As the first of these Dialogues tells the Victory of the Stone and the other explains the Reason,a nd shows the Foundation of its Triumph: It seemed that this Book could not appear under a more proper Title, than that of the Hermetical Triumph: Or, The Victorious Philosophical Stone. Nothing remains to be said, except that the Author of the Translation (who is likwise the same of the Commentary, and of the Letter which is at the End of this Book) has had no other Interest of View in this, but to manifest the Truth to those who aspire to the Knowledge of it, from such Motives as are proper to the true Children of the Science: He also declares, and protects sincerely, that he desires with all his Heart, that those who are so unfortunate as to lose their time in working with foreign or distant Matters, may find themselves enlightned by reading this Book, in order to know the true and only Matter of the Philosophers; and that those who know the same already, but are ignorant of the great Point, viz. the Solution of the Stone, and the Coagulation of the Water, and of the Spirit of the Body, which is the Term [or End] of the Universal Medicine, may here learn those secret Operations, which are distinctly enough described for them.

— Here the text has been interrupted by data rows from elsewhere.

(* Let $G:\mathbb{R}^d\to\mathbb{R}$ be convex and $L$-smooth, let $B\in\mathbb{R}^{s\times d}$ and $b$ in the column space of $B$, and let $u^0\in\mathbb{R}^d$, $R>0$, $\varepsilon>0$. Define $G^{\nu}(u)=G(u)+\frac{\nu}{2}\|u^0-u\|^2$ with $\nu=\varepsilon/R^2$. Suppose there exist $u^*\in\operatorname{Argmin}_{u:Bu=b}G(u)$ and $u^*_\nu=\operatorname{argmin}_{u:Bu=b}G^\nu(u)$, that $\min_u G(u)$ exists, and let $D=G(u^* )-\min_uG(u)$. Assume $\|u^0-u^*\|^2\le R^2$ and set $$\delta=\frac{\varepsilon^2}{32\big(D+\frac\varepsilon2\big)\big(L+\frac{\varepsilon}{R^2}\big)}.$$ If $u\in\mathbb{R}^d$ satisfies $\|u-u^*_\nu\|^2\le\delta$, then $G(u)-G(u^* )\le\varepsilon$ and $\|Bu-b\|^2\le\delta\,\sigma_{\max}^2(B)$.
   Context: $G$ is $L$-smooth if it is differentiable and $G(u')-G(u)-\langle\nabla G(u),u'-u\rangle\le\frac L2\|u'-u\|^2$ for all $u,u'$. $\sigma_{\max}(B)$ is the largest singular value of $B$. *)

From HB Require Import structures.
From mathcomp Require Import all_boot all_order all_algebra.
From mathcomp Require Import all_classical all_reals all_analysis.
Set Implicit Arguments. Unset Strict Implicit. Unset Printing Implicit Defensive.
Import Order.TTheory GRing.Theory Num.Theory.
Import numFieldNormedType.Exports.
Local Open Scope classical_set_scope.
Local Open Scope ring_scope.

Definition dotv (R : realType) (d : nat) (u v : 'cV[R]_d) : R :=
  \sum_(i < d) u i 0 * v i 0.
Definition sqnorm (R : realType) (d : nat) (u : 'cV[R]_d) : R := dotv u u.

Definition gradient (R : realType) (d : nat) (G : 'cV[R]_d -> R) (u : 'cV[R]_d)
  : 'cV[R]_d := \col_(i < d) ('d G u (delta_mx i 0 : 'cV[R]_d)).

Definition convex_fun (R : realType) (d : nat) (G : 'cV[R]_d -> R) : Prop :=
  forall (u v : 'cV[R]_d) (t : R), 0 <= t -> t <= 1 ->
    G ((1 - t) *: u + t *: v) <= (1 - t) * G u + t * G v.

Definition L_smooth (R : realType) (d : nat) (L : R) (G : 'cV[R]_d -> R) : Prop :=
  (forall u, differentiable G u) /\
  forall u u' : 'cV[R]_d,
    G u' - G u - dotv (gradient G u) (u' - u) <= L / 2 * sqnorm (u' - u).

Definition sigma_max (R : realType) (s d : nat) (B : 'M[R]_(s, d)) : R :=
  Num.sqrt (sup [set a : R | eigenvalue (B^T *m B) a]).

(* unu minimizes G^nu over {v | B v = b}, which contains ustar, and the
   penalty at ustar is at most nu Rr^2 / 2 = eps / 2; hence
   G unu <= G ustar + eps / 2.  For h = u - unu, smoothness bounds
   G u - G unu by <grad G unu, h> + L |h|^2 / 2, and comparing G (unu - t h)
   with min G bounds t <grad G unu, h> by D + eps / 2 + L t^2 |h|^2 / 2.
   The step t = 4 (D + eps / 2) / eps and |h|^2 <= delta make the total at
   most eps.
   As B unu = b, |B u - b|^2 = |B h|^2 <= sigma_max B ^ 2 |h|^2 because the
   largest eigenvalue of B^T B is the supremum l of its Rayleigh quotient:
   l - B^T B is positive semidefinite, and singular since an invertible
   positive semidefinite matrix is coercive by Cauchy-Schwarz. *)

From HB Require Import structures.
From mathcomp Require Import all_boot all_order all_algebra.
From mathcomp Require Import all_classical all_reals all_analysis.
From mathcomp Require Import ring lra.
Set Implicit Arguments. Unset Strict Implicit. Unset Printing Implicit Defensive.
Import Order.TTheory GRing.Theory Num.Theory.
Local Open Scope ring_scope.

Lemma quadratic_ge0_discr (R : realFieldType) (a b c : R) : 0 <= c ->
  (forall t, 0 <= a + 2 * t * b + t ^+ 2 * c) -> b ^+ 2 <= a * c.
Proof.
move=> c_ge0 q_ge0; have [c_gt0|c_le0] := ltP 0 c.
  pose t := - b / c; have tc : t * c = - b by rewrite mulfVK ?gt_eqF.
  have : 0 <= a + t * b by have := q_ge0 t; rewrite expr2 -[t * t * c]mulrA tc; lra.
  move=> /(mulr_ge0 (ltW c_gt0)).
  by rewrite mulrDr mulrA (mulrC c t) tc mulrC expr2; lra.
have c0 : c = 0 by lra.
subst c; rewrite mulr0.
have [->|b_neq0] := eqVneq b 0; first by rewrite expr0n.
have := q_ge0 (- (a + 1) / (2 * b)); have := q_ge0 0.
have -> : 2 * (- (a + 1) / (2 * b)) * b = - (a + 1) by field.
by rewrite !mulr0 mul0r; lra.
Qed.

Section QuadraticForm.
Variable R : realType.

Definition mxform n (A : 'M[R]_n) (x y : 'cV[R]_n) : R := (x^T *m A *m y) 0 0.

Lemma mxformE n (A : 'M[R]_n) x y :
  mxform A x y = \sum_i \sum_j x i 0 * A i j * y j 0.
Proof.
rewrite /mxform mxE (exchange_big _ _ _ _ _ (fun i j => x i 0 * A i j * y j 0)).
apply: eq_bigr => j _; rewrite !mxE big_distrl.
by apply: eq_bigr => i _; rewrite mxE.
Qed.

Lemma sqnorm_mxform n (x : 'cV[R]_n) : sqnorm x = mxform 1%:M x x.
Proof. by rewrite /mxform mulmx1 mxE; apply: eq_bigr => i _; rewrite mxE. Qed.

Lemma sqr_coord_le_sqnorm n (x : 'cV[R]_n) i : x i 0 ^+ 2 <= sqnorm x.
Proof.
rewrite /sqnorm /dotv (bigD1 i) //= -expr2 lerDl.
by apply: sumr_ge0 => j _; rewrite -expr2 sqr_ge0.
Qed.

Lemma sqnorm_ge0 n (x : 'cV[R]_n) : 0 <= sqnorm x.
Proof. by apply: sumr_ge0 => i _; rewrite -expr2 sqr_ge0. Qed.

Lemma sqnorm_gt0 n (x : 'cV[R]_n) : x != 0 -> 0 < sqnorm x.
Proof.
apply: contraNT; rewrite -leNgt => x_le0; apply/eqP/matrixP => i j.
rewrite ord1 mxE; apply/eqP; rewrite -sqrf_eq0 eq_le sqr_ge0 andbT.
exact: le_trans (sqr_coord_le_sqnorm x i) x_le0.
Qed.

Lemma sqnorm0 n : sqnorm (0 : 'cV[R]_n) = 0.
Proof. by rewrite /sqnorm /dotv big1 // => i _; rewrite mxE mul0r. Qed.

Lemma dotvZr n (x y : 'cV[R]_n) a : dotv x (a *: y) = a * dotv x y.
Proof. by rewrite /dotv mulr_sumr; apply: eq_bigr => i _; rewrite mxE mulrCA. Qed.

Lemma sqnormZ n (y : 'cV[R]_n) a : sqnorm (a *: y) = a ^+ 2 * sqnorm y.
Proof.
rewrite /sqnorm /dotv mulr_sumr; apply: eq_bigr => i _; rewrite !mxE; ring.
Qed.

Lemma mxformDl n (A : 'M[R]_n) x y z :
  mxform A (x + y) z = mxform A x z + mxform A y z.
Proof. by rewrite /mxform linearD /= !mulmxDl mxE. Qed.

Lemma mxformZl n (A : 'M[R]_n) a x z : mxform A (a *: x) z = a * mxform A x z.
Proof. by rewrite /mxform linearZ /= -!scalemxAl mxE. Qed.

Lemma mxformDr n (A : 'M[R]_n) x y z :
  mxform A z (x + y) = mxform A z x + mxform A z y.
Proof. by rewrite /mxform mulmxDr mxE. Qed.

Lemma mxformZr n (A : 'M[R]_n) a x z : mxform A z (a *: x) = a * mxform A z x.
Proof. by rewrite /mxform -scalemxAr mxE. Qed.

Lemma mxform0 n (A : 'M[R]_n) : mxform A 0 0 = 0.
Proof. by rewrite /mxform mulmx0 mxE. Qed.

Lemma mxformC n (A : 'M[R]_n) x y : A^T = A -> mxform A x y = mxform A y x.
Proof.
move=> A_sym; have -> : mxform A x y = ((x^T *m A *m y)^T) 0 0 by rewrite mxE.
by rewrite !trmx_mul trmxK A_sym mulmxA.
Qed.

Lemma mxform_scalarB n (A : 'M[R]_n) a x :
  mxform (a%:M - A) x x = a * sqnorm x - mxform A x x.
Proof.
rewrite sqnorm_mxform /mxform mulmx1 mulmxBr mulmxBl mul_mx_scalar.
by rewrite -scalemxAl !mxE.
Qed.

Lemma mxform_le_sqnorm n (A : 'M[R]_n) x :
  mxform A x x <= (\sum_i \sum_j `|A i j|) * sqnorm x.
Proof.
rewrite mxformE mulr_suml; apply: ler_sum => i _; rewrite mulr_suml.
apply: ler_sum => j _; apply: le_trans (ler_norm _) _.
rewrite !normrM mulrAC [X in _ <= X]mulrC ler_wpM2r //.
apply: le_trans (leif_mean_square _ _) _; rewrite !real_normK ?num_real //.
by have := sqr_coord_le_sqnorm x i; have := sqr_coord_le_sqnorm x j; lra.
Qed.

Lemma eigenvalue_mxform n (A : 'M[R]_n) a : eigenvalue A a ->
  exists2 x, x != 0 & mxform A x x = a * sqnorm x.
Proof.
move=> /eigenvalueP[v vA v_neq0]; exists v^T; first by rewrite trmx_eq0.
by rewrite sqnorm_mxform /mxform trmxK vA mulmx1 -scalemxAl mxE.
Qed.

Section PositiveSemidefinite.
Variables (n : nat) (A : 'M[R]_n).
Hypotheses (A_sym : A^T = A) (A_psd : forall x, 0 <= mxform A x x).

Lemma mxform_CauchySchwarz x y : mxform A x y ^+ 2 <= mxform A x x * mxform A y y.
Proof.
apply: quadratic_ge0_discr => [|t]; first exact: A_psd.
have -> : mxform A x x + 2 * t * mxform A x y + t ^+ 2 * mxform A y y =
          mxform A (x + t *: y) (x + t *: y).
  by rewrite !(mxformDl, mxformDr, mxformZl, mxformZr) (mxformC y x A_sym); ring.
exact: A_psd.
Qed.

Lemma unitmx_psd_coercive : A \in unitmx ->
  exists2 C, 0 < C & forall x, sqnorm x <= C * mxform A x x.
Proof.
move=> A_unit; pose N := (invmx A)^T; pose C := \sum_i \sum_j `|N i j|.
have C_ge0 : 0 <= C by do 2!apply: sumr_ge0 => ? _.
exists (1 + C) => [|x]; first lra.
have q_ge0 := A_psd x; have [s_gt0|s_le0] := ltP 0 (sqnorm x); last first.
  by apply: le_trans s_le0 _; rewrite mulr_ge0 //; lra.
have form_x_invx : mxform A x (invmx A *m x) = sqnorm x.
  by rewrite sqnorm_mxform /mxform mulmx1 mulmxA -(mulmxA x^T) mulmxV // mulmx1.
have form_invx : mxform A (invmx A *m x) (invmx A *m x) = mxform N x x.
  by rewrite /mxform trmx_mul -!mulmxA (mulmxA A) mulmxV // mul1mx.
(* Cauchy-Schwarz at (x, A^-1 x) gives |x|^4 <= <Ax, x> <A^-1 x, x>. *)
have := mxform_CauchySchwarz x (invmx A *m x).
rewrite form_x_invx form_invx => CS.
have := mxform_le_sqnorm N x; rewrite -/C => N_le.
have := ler_wpM2l q_ge0 N_le; nra.
Qed.

End PositiveSemidefinite.

Lemma psd_max_eigenvalue n (A : 'M[R]_n) :
  A^T = A -> (forall x, 0 <= mxform A x x) -> (0 < n)%N ->
  exists2 l, eigenvalue A l & forall x, mxform A x x <= l * sqnorm x.
Proof.
move=> A_sym A_psd n_gt0.
pose T :=
  [set r : R | exists2 x, 0 < sqnorm x & r * sqnorm x <= mxform A x x]%classic.
have T_ubound c : (forall x, mxform A x x <= c * sqnorm x) -> ubound T c.
  move=> c_ub r [x s_gt0 r_le]; rewrite -(ler_pM2r s_gt0).
  exact: le_trans r_le (c_ub x).
have T0 : T 0.
  pose e := delta_mx (Ordinal n_gt0) 0 : 'cV[R]_n.
  exists e; last by rewrite mul0r A_psd.
  apply: lt_le_trans (sqr_coord_le_sqnorm e (Ordinal n_gt0)).
  by rewrite mxE !eqxx expr1n.
have T_sup : has_sup T.
  by split; [exists 0 | eexists; apply: T_ubound => x; apply: mxform_le_sqnorm].
pose l := sup T.
have l_ub x : mxform A x x <= l * sqnorm x.
  have [s_gt0|s_le0] := ltP 0 (sqnorm x).
    rewrite -ler_pdivrMr //; apply: sup_upper_bound => //.
    by exists x; rewrite // divfK ?gt_eqF.
  have [->|/sqnorm_gt0] := eqVneq x 0; last by rewrite ltNge s_le0.
  by rewrite mxform0 sqnorm0 mulr0.
exists l => //.
have M_sym : (l%:M - A)^T = l%:M - A by rewrite linearB /= tr_scalar_mx A_sym.
have M_psd x : 0 <= mxform (l%:M - A) x x by rewrite mxform_scalarB subr_ge0.
(* An invertible l - A would be coercive, so l - 1/C would bound T. *)
have [M_unit|] := boolP (l%:M - A \in unitmx).
  have [C C_gt0 coercive] := unitmx_psd_coercive M_sym M_psd M_unit.
  have : ubound T (l - C^-1).
    apply: T_ubound => x; rewrite mulrBl.
    have : C^-1 * sqnorm x <= l * sqnorm x - mxform A x x.
      by rewrite ler_pdivrMl // -mxform_scalarB.
    lra.
  move=> /(ge_sup (ex_intro _ 0 T0)); rewrite -/l.
  by have := invr_gt0 C; rewrite C_gt0; lra.
rewrite unitmxE unitfE negbK => /det0P[v v_neq0 vM].
apply/eigenvalueP; exists v => //.
by move: vM; rewrite mulmxBr mul_mx_scalar => /eqP; rewrite subr_eq0 => /eqP ->.
Qed.

Lemma psd_sup_eigenvalue n (A : 'M[R]_n) :
  A^T = A -> (forall x, 0 <= mxform A x x) -> (0 < n)%N ->
  let l := sup [set a | eigenvalue A a]%classic in
  0 <= l /\ forall x, mxform A x x <= l * sqnorm x.
Proof.
move=> A_sym A_psd n_gt0 /=; set E := [set a | _]%classic.
have [l El l_ub] := psd_max_eigenvalue A_sym A_psd n_gt0.
have E_le_l a : E a -> a <= l.
  move=> /eigenvalue_mxform[x /sqnorm_gt0 s_gt0 qa].
  by rewrite -(ler_pM2r s_gt0) -qa.
have -> : sup E = l.
  apply/eqP; rewrite eq_le ge_sup //=; last by exists l.
  by apply: sup_upper_bound => //; split; [exists l | exists l].
split=> //; have [x /sqnorm_gt0 s_gt0 ql] := eigenvalue_mxform El.
by rewrite -(pmulr_lge0 _ s_gt0) -ql.
Qed.

Lemma sqnorm_mulmx_le s d (B : 'M[R]_(s, d)) v :
  sqnorm (B *m v) <= sigma_max B ^+ 2 * sqnorm v.
Proof.
case: d B v => [|d] B v; first by rewrite [v]flatmx0 mulmx0 !sqnorm0 mulr0.
have BtB_sym : (B^T *m B)^T = B^T *m B by rewrite trmx_mul trmxK.
have BtB_form x : mxform (B^T *m B) x x = sqnorm (B *m x).
  by rewrite sqnorm_mxform /mxform mulmx1 trmx_mul !mulmxA.
have BtB_psd x : 0 <= mxform (B^T *m B) x x by rewrite BtB_form sqnorm_ge0.
have [sup_ge0 sup_ub] := psd_sup_eigenvalue BtB_sym BtB_psd (ltn0Sn d).
by rewrite /sigma_max sqr_sqrtr // -BtB_form.
Qed.

End QuadraticForm.

Section SmoothDescent.
Variables (R : realType) (d : nat) (G : 'cV[R]_d -> R) (L : R).
Hypothesis G_upper : forall u u',
  G u' - G u - dotv (gradient G u) (u' - u) <= L / 2 * sqnorm (u' - u).

Lemma smooth_gap_le (umin v u : 'cV[R]_d) t :
  (forall w, G umin <= G w) -> 0 < t ->
  G u - G v <= (G v - G umin) / t + L / 2 * (t + 1) * sqnorm (u - v).
Proof.
move=> umin_min t_gt0; set h := u - v; set g := dotv (gradient G v) h.
have descent : t * g <= G v - G umin + L / 2 * (t ^+ 2 * sqnorm h).
  have step : v - t *: h - v = (- t) *: h by rewrite addrAC subrr add0r scaleNr.
  have := G_upper v (v - t *: h); have := umin_min (v - t *: h).
  rewrite step dotvZr sqnormZ sqrrN mulNr -/g; lra.
have := ler_wpM2l (ltW t_gt0) (G_upper v u); rewrite -/h -/g => upper_u.
rewrite -(ler_pM2l t_gt0).
have -> : t * ((G v - G umin) / t + L / 2 * (t + 1) * sqnorm h) =
          G v - G umin + t * (L / 2 * (t + 1) * sqnorm h) by field; rewrite gt_eqF.
lra.
Qed.

End SmoothDescent.

Lemma step_size_bound (R : realFieldType) (L nu eps K q : R) :
  0 < eps -> eps / 2 <= K -> 0 <= nu -> 0 <= q ->
  q <= eps ^+ 2 / (32 * K * (L + nu)) ->
  L / 2 * (4 * K / eps + 1) * q <= eps / 4.
Proof.
move=> eps_gt0 K_ge nu_ge0 q_ge0 q_le.
have K_gt0 : 0 < K by lra.
pose t := 4 * K / eps; have t_eps : t * eps = 4 * K by rewrite divfK ?gt_eqF.
have t_ge2 : 2 <= t by rewrite ler_pdivlMr //; lra.
have [L_le0|L_gt0] := lerP L 0.
  have : 0 <= (t + 1) * q by rewrite mulr_ge0 //; lra.
  rewrite -/t mulrAC; have : L / 2 <= 0 by lra.
  nra.
pose P := L + nu; have P_gt0 : 0 < P by rewrite /P; lra.
have Lq_le : L * q <= P * q by rewrite ler_wpM2r // /P lerDl.
have tPq_le : 8 * t * (P * q) <= eps.
  rewrite -(ler_pM2r eps_gt0) -expr2.
  have -> : 8 * t * (P * q) * eps = q * (32 * K * P).
    by rewrite -[K](mulKf (_ : 4 != 0)) // -t_eps; field.
  by rewrite -ler_pdivlMr ?mulr_gt0.
rewrite -/t; have := mulr_ge0 (ltW P_gt0) q_ge0; nra.
Qed.

Theorem lemmaD2 (R : realType) (d s : nat) (G : 'cV[R]_d -> R) (L : R)
  (B : 'M[R]_(s, d)) (b : 'cV[R]_s) (u0 : 'cV[R]_d) (Rr eps : R)
  (ustar unu umin u : 'cV[R]_d) :
  convex_fun G -> L_smooth L G ->
  (exists x : 'cV[R]_d, b = B *m x) ->
  0 < Rr -> 0 < eps ->
  let nu := eps / Rr ^+ 2 in
  let Gnu := fun v : 'cV[R]_d => G v + nu / 2 * sqnorm (u0 - v) in
  (* u* in Argmin_{Bu=b} G *)
  B *m ustar = b -> (forall v, B *m v = b -> G ustar <= G v) ->
  (* u*_nu = argmin_{Bu=b} G^nu *)
  B *m unu = b -> (forall v, B *m v = b -> Gnu unu <= Gnu v) ->
  (* min_u G(u) exists, attained at umin *)
  (forall v, G umin <= G v) ->
  let D := G ustar - G umin in
  sqnorm (u0 - ustar) <= Rr ^+ 2 ->
  let delta := eps ^+ 2 / (32 * (D + eps / 2) * (L + eps / Rr ^+ 2)) in
  sqnorm (u - unu) <= delta ->
  G u - G ustar <= eps /\
  sqnorm (B *m u - b) <= delta * sigma_max B ^+ 2.
Proof.
move=> _ [_ G_upper] _ Rr_gt0 eps_gt0 nu Gnu B_ustar _ B_unu unu_min umin_min D
  ustar_near delta u_near.
split; last first.
  rewrite -B_unu -mulmxBr mulrC; apply: le_trans (sqnorm_mulmx_le _ _) _.
  by rewrite ler_wpM2l ?sqr_ge0.
have nu_gt0 : 0 < nu by rewrite divr_gt0 ?exprn_gt0.
have G_unu : G unu <= G ustar + eps / 2.
  have := unu_min _ B_ustar; rewrite /Gnu.
  have : nu / 2 * sqnorm (u0 - ustar) <= eps / 2.
    have -> : eps / 2 = nu / 2 * Rr ^+ 2 by rewrite /nu; field; rewrite gt_eqF.
    by rewrite ler_wpM2l // divr_ge0 // ltW.
  have := mulr_ge0 (ltW nu_gt0) (sqnorm_ge0 (u0 - unu)); lra.
have K_ge : eps / 2 <= D + eps / 2 by rewrite lerDr subr_ge0.
set K := D + eps / 2 in K_ge *.
have t_gt0 : 0 < 4 * K / eps by rewrite !divr_gt0 //; lra.
have gap_le : (G unu - G umin) / (4 * K / eps) <= eps / 4.
  rewrite ler_pdivrMr // (_ : eps / 4 * (4 * K / eps) = K).
    by rewrite /K /D; lra.
  by field; rewrite gt_eqF.
have := smooth_gap_le G_upper unu u umin_min t_gt0.
have := step_size_bound eps_gt0 K_ge (ltW nu_gt0) (sqnorm_ge0 (u - unu)) u_near.
lra.
Qed.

The Author has not thought proper to write in Latin, because he could not believe, like many others, that to treat of these high Mysteries in a vulgar Tongue, is to reveal them: He has followed the Example of several Philosophers, who were resolved, that their Work [or Treatise] should bear the [said] Character of their Country. His first Design has likewise been to be useful to his Countrymen, not doubting, but that if this Treatise should appear to the Disciples of Hermes to have any deserts, there would be found such as will translate it into such a Language as they please.

General Explication
of the Embleme

Translated from the French. It ought not to be expected to find here a particular Explication, such as should undraw the Curtains which are spread over the philosophick Enigma, for to show the Truth quite naked; for if that were [done], there would remain nothing more to be done but to burn all the Writings of the Philosophers: The Wise would not have any more Advantage over the Ignorant; the one an the other would be equally skilled in this wonderful Art.

It ought therefore to be thought sufficient to see in this Figure, as in Looking-Glass, the Abridgement of the whole secret Philosophy, which is contained in this little Book, in which all the Parts of this Emblem are explained as clear as it is permitted to be done.

Those that are initiated in the Philosophick Mysteries, will easily and presently comprehend the Sense which is hid under this Figure. But these who have not these Lights, must here consider in general a mutual Correspondence betwixt the Heavens and the Earth, by Means of the Sun an Moon, who are like the secret Ties of this Philosophical Union.

They will see in the Practice of the Work, who parabolical Rivulets, who confounding [or mixing] themselves secretly together, give Birth to the mysterious Triangular Stone, which is the Foundation of the Art.

They will see a secret and natural Fire, of which the Spirit penetrating the Stone, sublimes it in Vapours, who condense themselves in the Vessel.

They will see what Efficacy the sublimed Stone receives of the Sun and Moon, who are its Father and Mother, of whom it inherits presently its first Crown of Perfection.

They will see in the Continuation of the Practice [or in the Progress of the Work,] that the Art gives to this Divine Liquor a double Crown of Perfection, by the Conversion of Elements, and by the Extraction and the Depuration of the Principles, by which it becomes to be that mysterious Rod of Mercury, which operates such surprising Metamorphosings.

They will see that this same Mercury, as a Phoenix, who takes a new Birth in the Fire, arrives by the Magistery to the last Perfection of the fixed Sulphur of the Philosophers, which gives it a foreign Power over the three Genders of Nature; of which the three-fold Crown (upon which is set for this Purpose the Hieroglyphic Figure of the World) is the most material Character.